Williams, Tyrone v. United States

273 F. App'x 552
CourtCourt of Appeals for the Seventh Circuit
DecidedApril 14, 2008
Docket07-2343
StatusUnpublished

This text of 273 F. App'x 552 (Williams, Tyrone v. United States) is published on Counsel Stack Legal Research, covering Court of Appeals for the Seventh Circuit primary law. Counsel Stack provides free access to over 12 million legal documents including statutes, case law, regulations, and constitutions.

Bluebook
Williams, Tyrone v. United States, 273 F. App'x 552 (7th Cir. 2008).

Opinion

Order

Our initial decision in this case, 215 F.3d 776 (7th Cir.2000), affirmed Williams’s conviction but remanded for resentencing within the range of 360 months to life. The district court chose 360 months, the lowest available. Williams did not appeal.

In this collateral proceeding under 28 U.S.C. § 2255, Williams accuses his lawyer of ineffective assistance for failing to appeal at his request. The district court denied relief without an evidentiary hearing, ruling that an appeal would have been pointless.
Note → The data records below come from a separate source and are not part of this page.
Lemma partial_sum_mult_period_sub_value M : (1 <= M)%nat ->
  partial_sum (M * q) - series_value
  = cos_odd theta 0 * ln (1 + 1 / (INR M * INR q))
    + 2 * sin theta
      * sum_n_m (fun j => sin_even theta j * ln_Gamma_defect (INR M) (INR j / INR q)) 1 q.
Proof.
  intros HM.
  assert (Hq : 0 < INR q) by now apply lt_0_INR.
  assert (HM0 : 0 < INR M) by (apply lt_0_INR; lia).
  rewrite partial_sum_by_parts, sum_sin_even_ln_regroup.
  replace (M * q)%nat with (0 + M * q)%nat by lia.
  rewrite (cos_odd_periodic _ p q theta_period), Nat.add_0_l.
  set (E := fun j => sin_even theta j * ln_Gamma_defect (INR M) (INR j / INR q)).
  set (G := fun j => sin_even theta j * ln (Gamma (INR j / INR q))).
  rewrite (sum_n_m_ext_loc_R _
             (fun j => (INR M * ln (INR q) + ln (Gamma (INR M))) * sin_even theta j
                       + ln (INR M) / INR q * (INR j * sin_even theta j) + (E j - G j)))
    by (intros j _; unfold E, G, ln_Gamma_defect; field; lra).
  rewrite !sum_n_m_Rplus, sum_n_m_Rminus, !sum_n_m_Rmult_l.
  rewrite (sum_sin_even_period _ p q theta_period sin_theta_neq_0).
  assert (Hweighted := sum_INR_mult_sin_even_period _ p q theta_period sin_theta_neq_0).
  assert (Hln : ln (INR (S (M * q))) = ln (INR M) + ln (INR q) + ln (1 + 1 / (INR M * INR q))).
  { assert (Hfrac : 0 < 1 + 1 / (INR M * INR q))
      by (apply Rplus_lt_0_compat; [lra | apply Rdiv_lt_0_compat; nra]).
    rewrite <- (ln_mult (INR M)), <- ln_mult by nra.
    f_equal. rewrite S_INR, mult_INR. field. lra. }
  unfold series_value. fold G. rewrite Hln.
  replace (2 * sin theta * ((INR M * ln (INR q) + ln (Gamma (INR M))) * 0
             + ln (INR M) / INR q * sum_n_m (fun j => INR j * sin_even theta j) 1 q
             + (sum_n_m E 1 q - sum_n_m G 1 q)))
    with (ln (INR M) / INR q * (2 * sin theta * sum_n_m (fun j => INR j * sin_even theta j) 1 q)
          + 2 * sin theta * sum_n_m E 1 q - 2 * sin theta * sum_n_m G 1 q) by ring.
  rewrite Hweighted. field. lra.
Qed.

Lemma Rabs_partial_sum_mult_period_sub_value M : (1 <= M)%nat ->
  Rabs (partial_sum (M * q) - series_value) <= (1 + 2 * INR q) / INR M.
Proof.
  intros HM.
  assert (Hq : 1 <= INR q) by (apply (le_INR 1); lia).
  assert (HM1 : 1 <= INR M) by (apply (le_INR 1); lia).
  assert (HM0 : 0 < / INR M) by (apply Rinv_0_lt_compat; lra).
  rewrite partial_sum_mult_period_sub_value by exact HM.
  set (D := sum_n_m _ 1 q).
  assert (Hln : Rabs (ln (1 + 1 / (INR M * INR q))) <= / INR M).
  { destruct (ln_1_plus_bounds (1 / (INR M * INR q))) as [Hlo Hhi].
    { apply Rlt_le, Rdiv_lt_0_compat; nra. }
    rewrite Rabs_pos_eq by exact Hlo. eapply Rle_trans; [exact Hhi|].
    unfold Rdiv. rewrite Rmult_1_l. apply Rinv_le_contravar; nra. }
  assert (HD : Rabs D <= INR q * / INR M).
  { apply Rabs_sum_n_m_le. intros j Hj. rewrite Rabs_mult, <- (Rmult_1_l (/ INR M)).
    assert (Ha : 0 <= INR j / INR q <= 1).
    { split; [apply Rdiv_le_0_compat; [apply pos_INR | lra]|].
      apply Rmult_le_reg_r with (INR q); [lra|].
      unfold Rdiv. rewrite Rmult_assoc, Rinv_l, Rmult_1_r, Rmult_1_l by lra. apply le_INR; lia. }
    apply Rmult_le_compat; [apply Rabs_pos | apply Rabs_pos | apply Rabs_le, SIN_bound |].
    apply Rabs_ln_Gamma_defect_le; lra. }
  eapply Rle_trans; [apply Rabs_triang|]. rewrite !Rabs_mult, (Rabs_pos_eq 2) by lra.
  apply Rle_trans with (1 * / INR M + 2 * 1 * (INR q * / INR M)); [|unfold Rdiv; lra].
  apply Rplus_le_compat.
  - apply Rmult_le_compat; auto using Rabs_pos. apply Rabs_le, COS_bound.
  - apply Rmult_le_compat; [generalize (Rabs_pos (sin theta)); lra | apply Rabs_pos | | exact HD].
    apply Rmult_le_compat_l; [lra|]. apply Rabs_le, SIN_bound.
Qed.

Lemma Rabs_series_term_le n : (0 < n)%nat -> Rabs (series_term n) <= / INR n.
Proof.
  intros Hn. assert (Hn0 : 0 < INR n) by now apply lt_0_INR.
  unfold series_term. rewrite Rabs_mult.
  destruct (ln_1_plus_bounds (1 / INR n)) as [Hlo Hhi]; [apply Rlt_le, Rdiv_lt_0_compat; lra|].
  assert (Hcos : Rabs (cos_odd theta n) <= 1) by (apply Rabs_le, COS_bound).
  rewrite Rabs_pos_eq by exact Hlo. rewrite <- (Rmult_1_r (/ INR n)).
  apply Rmult_le_compat; auto using Rabs_pos. now rewrite <- Rdiv_1_l.
Qed.

Lemma Rabs_partial_sum_add_sub M r : (1 <= M)%nat -> (r <= q)%nat ->
  Rabs (partial_sum (M * q + r) - partial_sum (M * q)) <= / INR M.
Proof.
  intros HM Hr.
  assert (Hq : 0 < INR q) by now apply lt_0_INR.
  assert (HM1 : 1 <= INR M) by (apply (le_INR 1); lia).
  assert (Htail : partial_sum (M * q + r) - partial_sum (M * q)
                  = sum_n_m (fun i => series_term (M * q + i)) 1 r)
    by (unfold partial_sum; rewrite sum_n_m_1_add; ring).
  rewrite Htail.
  eapply Rle_trans; [apply (Rabs_sum_n_m_le _ (/ (INR M * INR q)))|].
  - intros i Hi. eapply Rle_trans; [apply Rabs_series_term_le; lia|].
    apply Rinv_le_contravar; [nra|]. rewrite <- mult_INR. apply le_INR. lia.
  - apply Rle_trans with (INR q * / (INR M * INR q)).
    + apply Rmult_le_compat_r; [left; apply Rinv_0_lt_compat; nra | now apply le_INR].
    + right. field. lra.
Qed.

Lemma is_lim_seq_partial_sum : is_lim_seq partial_sum series_value.
Proof.
  apply (is_lim_seq_of_blocks _ _ (2 + 2 * INR q) q q_pos). intros M r HM Hr.
  assert (HM1 : 1 <= INR M) by (apply (le_INR 1); lia).
  replace (partial_sum (M * q + r) - series_value)
    with ((partial_sum (M * q + r) - partial_sum (M * q)) + (partial_sum (M * q) - series_value))
    by ring.
  eapply Rle_trans; [apply Rabs_triang|].
  assert (H1 := Rabs_partial_sum_add_sub M r HM ltac:(lia)).
  assert (H2 := Rabs_partial_sum_mult_period_sub_value M HM).
  replace ((2 + 2 * INR q) / INR M) with (/ INR M + (1 + 2 * INR q) / INR M) by (field; lra).
  lra.
Qed.

Lemma is_series_series_term : is_series (fun n => series_term (S n)) series_value.
Proof.
  assert (Hlim := is_lim_seq_partial_sum).
  apply is_lim_seq_incr_1 in Hlim.
  apply (is_lim_seq_ext _ (sum_n (fun n => series_term (S n)))) in Hlim; [exact Hlim|].
  intros n. unfold partial_sum, sum_n. now rewrite <- sum_n_m_S.
Qed.

Lemma series_value_drop_last :
  series_value = ln (INR q) * cos_odd theta 0
    - 2 * sin theta * sum_n_m (fun j => sin_even theta j * ln (Gamma (INR j / INR q))) 1 (q - 1).
Proof.
  set (f := fun j => sin_even theta j * ln (Gamma (INR j / INR q))).
  assert (Hlast := sum_n_m_1_add f (q - 1) 1).
  rewrite sum_n_n in Hlast. replace (q - 1 + 1)%nat with q in Hlast by lia.
  unfold series_value. fold f. rewrite Hlast. unfold f at 2.
  rewrite (sin_even_period _ p q theta_period). ring.
Qed.

End Series.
In this court the United States has confessed error, and properly so. The district judge may well be right that an appeal would have been pointless, but under Anders v. California, 386 U.S. 264, 87 S.Ct. 1032, 18 L.Ed.2d 40 (1967), the decision whether a given appeal is frivolous is made by the court of appeals, not the defense lawyer or the district judge. That’s why the Supreme Court held in Roe v. Flores-Ortega, 528 U.S. 470, 483, 120 S.Ct. 1029, 145 L.Ed.2d 985 (2000), that failure to take an appeal at a defendant’s timely request is ineffective assistance without regard to the district judge’s as *553 sessment of prejudice (or lack thereof) caused by the omission. See also Castellanos v. United States, 26 F.3d 717 (7th Cir.1994).

It remains to be determined whether Williams asked his lawyer to file a notice of appeal. The judgment of the district court is vacated, and the case is remanded for an evidentiary hearing devoted to that question. If Williams told his lawyer to file a notice of appeal, then a new judgment must be entered from which an appeal may be filed.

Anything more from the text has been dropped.